== TASK TO CARRY OUT ==
Locate the line that contains "(A : 'M[R[i]]_N) (Ac : 'M[R[i]]_Nc)" in the entries below, then repeat it and every following line through the line that contains "(1%:M *t (cplx_mx (invmx UQc^T)", exactly, and no others.

━━━━━━

Lemma r2dp_laplace_density_le (a a' y Delta : R) : `|a - a'| <= Delta ->
  (r2dp_laplace_density a y <=
   (expR ((k + 1) * ln (1 + Delta * theta)))%:E * r2dp_laplace_density a' y)%E.
Proof.
move=> aa'_le.
have Delta_ge0 : 0 <= Delta := le_trans (normr_ge0 _) aa'_le.
have theta_inv_gt0 : 0 < theta^-1 by rewrite invr_gt0.
have c_gt0 b : 0 < theta^-1 + `|y - b| by rewrite ltr_wpDr.
rewrite !r2dp_laplace_densityE (integral_gamma_kernel_scale k _ _ (c_gt0 a) (c_gt0 a')).
rewrite muleA -EFinM [X in (_ <= X)%E]muleA -EFinM lee_wpmul2r ?integral_ge0 //.
  by move=> x _; rewrite lee_fin gamma_kernel_ge0.
rewrite lee_fin [X in _ <= X]mulrC ler_wpM2l //.
have ratio_gt0 : 0 < 1 + Delta * theta.
  by have := mulr_ge0 Delta_ge0 (ltW theta_gt0); lra.
rewrite [X in _ <= X](_ : _ = (1 + Delta * theta) `^ (k + 1)); last first.
  by rewrite /powR gt_eqF.
apply: ge0_ler_powR.
- by rewrite addr_ge0 // ltW.
- by rewrite nnegrE divr_ge0 // ltW.
- by rewrite nnegrE ltW.
have shift_le : `|(y - a) - (y - a')| <= Delta.
  by rewrite (_ : _ - _ = - (a - a')) ?normrN //; ring.
by have := ler_shifted_norm_ratio theta_inv_gt0 shift_le; rewrite invrK.
Qed.

End r2dp_laplace.

Theorem theoremB3 (R : realType) (D : Type) (adj : D -> D -> Prop)
    (q : D -> R) (Delta k theta : R) :
  is_sensitivity adj q Delta -> 0 < k -> 0 < theta ->
  differentially_private adj (r2dp_laplace_prob q k theta)
    ((k + 1) * ln (1 + Delta * theta)).
Proof.
move=> [q_sens _] k_gt0 theta_gt0 d d' adj_dd' S mS.
have density_ge0 a y : (0 <= r2dp_laplace_density k theta a y)%E.
  exact: r2dp_laplace_density_ge0.
have mdensity a : measurable_fun S (r2dp_laplace_density k theta a).
  exact: measurable_r2dp_laplace_density.
rewrite !r2dp_laplace_probE // -ge0_integralZl_EFin ?expR_ge0 //; last exact: mdensity.
apply: ge0_le_integral => //.
- exact: mdensity.
- exact: measurable_funeM _ (mdensity _).
- by move=> y _; exact: r2dp_laplace_density_le (q_sens d d' adj_dd').
Qed.
Theorem theorem3 (R : realType) (L M N Mc Nc : nat)
  (tau : 'I_M -> R) (tauc : 'I_Mc -> R)
  (LQ UQ : 'M[R]_M) (LQc UQc : 'M[R]_Mc)
  (A : 'M[R[i]]_N) (Ac : 'M[R[i]]_Nc)
  (TFQ : 'M[R]_(Mc, M)) (TFA : 'M[R]_(Nc, N))
  (TCQ : 'M[R]_(M, Mc)) (TCA : 'M[R]_(N, Nc)) :
  (0 < L)%N -> (0 < N)%N -> (0 < Nc)%N -> (Mc <= M)%N -> (Nc <= N)%N ->
  right_gauss_radau tau -> right_gauss_radau tauc ->
  (colloc_matrix tau)^T = LQ *m UQ ->
  unit_lower_triangular LQ -> upper_triangular UQ ->
  (colloc_matrix tauc)^T = LQc *m UQc ->
  unit_lower_triangular LQc -> upper_triangular UQc ->
  A \in unitmx -> Ac \in unitmx ->
  (subdiag_mx L *t Hmat Mc Nc) *m transfer L TFQ TFA
    = transfer L TFQ TFA *m (subdiag_mx L *t Hmat M N) ->
  forall k : nat, (M <= k)%N ->
  exists mu_star c : R, 0 < mu_star /\ 0 < c /\
    forall mu : R, mu_star < mu ->
      Phat L mu UQ^T A \in unitmx ->
      Ptilde L mu UQc^T Ac \in unitmx ->
      spectral_radius
        (T_PFASST L mu k (colloc_matrix tau) UQ^T A UQc^T Ac
           (transfer L TFQ TFA) (transfer L TCQ TCA))
      <= c / mu.
Proof.
move=> _ _ _ _ _ GR GRc QLU LQ_lower _ QcLU _ _ A_unit Ac_unit _ k Mk.
have Q_unit := gauss_radau_colloc_unit GR.
have UQ_unit : UQ^T \in unitmx by rewrite unitmx_tr (lu_upper_unit Q_unit QLU).
have UQc_unit : UQc^T \in unitmx.
  by rewrite unitmx_tr (lu_upper_unit (gauss_radau_colloc_unit GRc) QcLU).
apply: (@two_level_spectral_radius_bound _ _ _ _
  (1%:M *t (cplx_mx (invmx UQ^T) *t invmx A)) _ _ _
  (1%:M *t (cplx_mx (invmx UQc^T) *t invmx Ac))).
- exact: lift_mulmxV.
- exact: lift_mulmxV.
- exact: lift_smoother_limit_nilpotent (lu_trick_strictly_upper Q_unit QLU LQ_lower).
Qed.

━━━━━━

== TASK OUTPUT ==
  (A : 'M[R[i]]_N) (Ac : 'M[R[i]]_Nc)
  (TFQ : 'M[R]_(Mc, M)) (TFA : 'M[R]_(Nc, N))
  (TCQ : 'M[R]_(M, Mc)) (TCA : 'M[R]_(N, Nc)) :
  (0 < L)%N -> (0 < N)%N -> (0 < Nc)%N -> (Mc <= M)%N -> (Nc <= N)%N ->
  right_gauss_radau tau -> right_gauss_radau tauc ->
  (colloc_matrix tau)^T = LQ *m UQ ->
  unit_lower_triangular LQ -> upper_triangular UQ ->
  (colloc_matrix tauc)^T = LQc *m UQc ->
  unit_lower_triangular LQc -> upper_triangular UQc ->
  A \in unitmx -> Ac \in unitmx ->
  (subdiag_mx L *t Hmat Mc Nc) *m transfer L TFQ TFA
    = transfer L TFQ TFA *m (subdiag_mx L *t Hmat M N) ->
  forall k : nat, (M <= k)%N ->
  exists mu_star c : R, 0 < mu_star /\ 0 < c /\
    forall mu : R, mu_star < mu ->
      Phat L mu UQ^T A \in unitmx ->
      Ptilde L mu UQc^T Ac \in unitmx ->
      spectral_radius
        (T_PFASST L mu k (colloc_matrix tau) UQ^T A UQc^T Ac
           (transfer L TFQ TFA) (transfer L TCQ TCA))
      <= c / mu.
Proof.
move=> _ _ _ _ _ GR GRc QLU LQ_lower _ QcLU _ _ A_unit Ac_unit _ k Mk.
have Q_unit := gauss_radau_colloc_unit GR.
have UQ_unit : UQ^T \in unitmx by rewrite unitmx_tr (lu_upper_unit Q_unit QLU).
have UQc_unit : UQc^T \in unitmx.
  by rewrite unitmx_tr (lu_upper_unit (gauss_radau_colloc_unit GRc) QcLU).
apply: (@two_level_spectral_radius_bound _ _ _ _
  (1%:M *t (cplx_mx (invmx UQ^T) *t invmx A)) _ _ _
  (1%:M *t (cplx_mx (invmx UQc^T) *t invmx Ac))).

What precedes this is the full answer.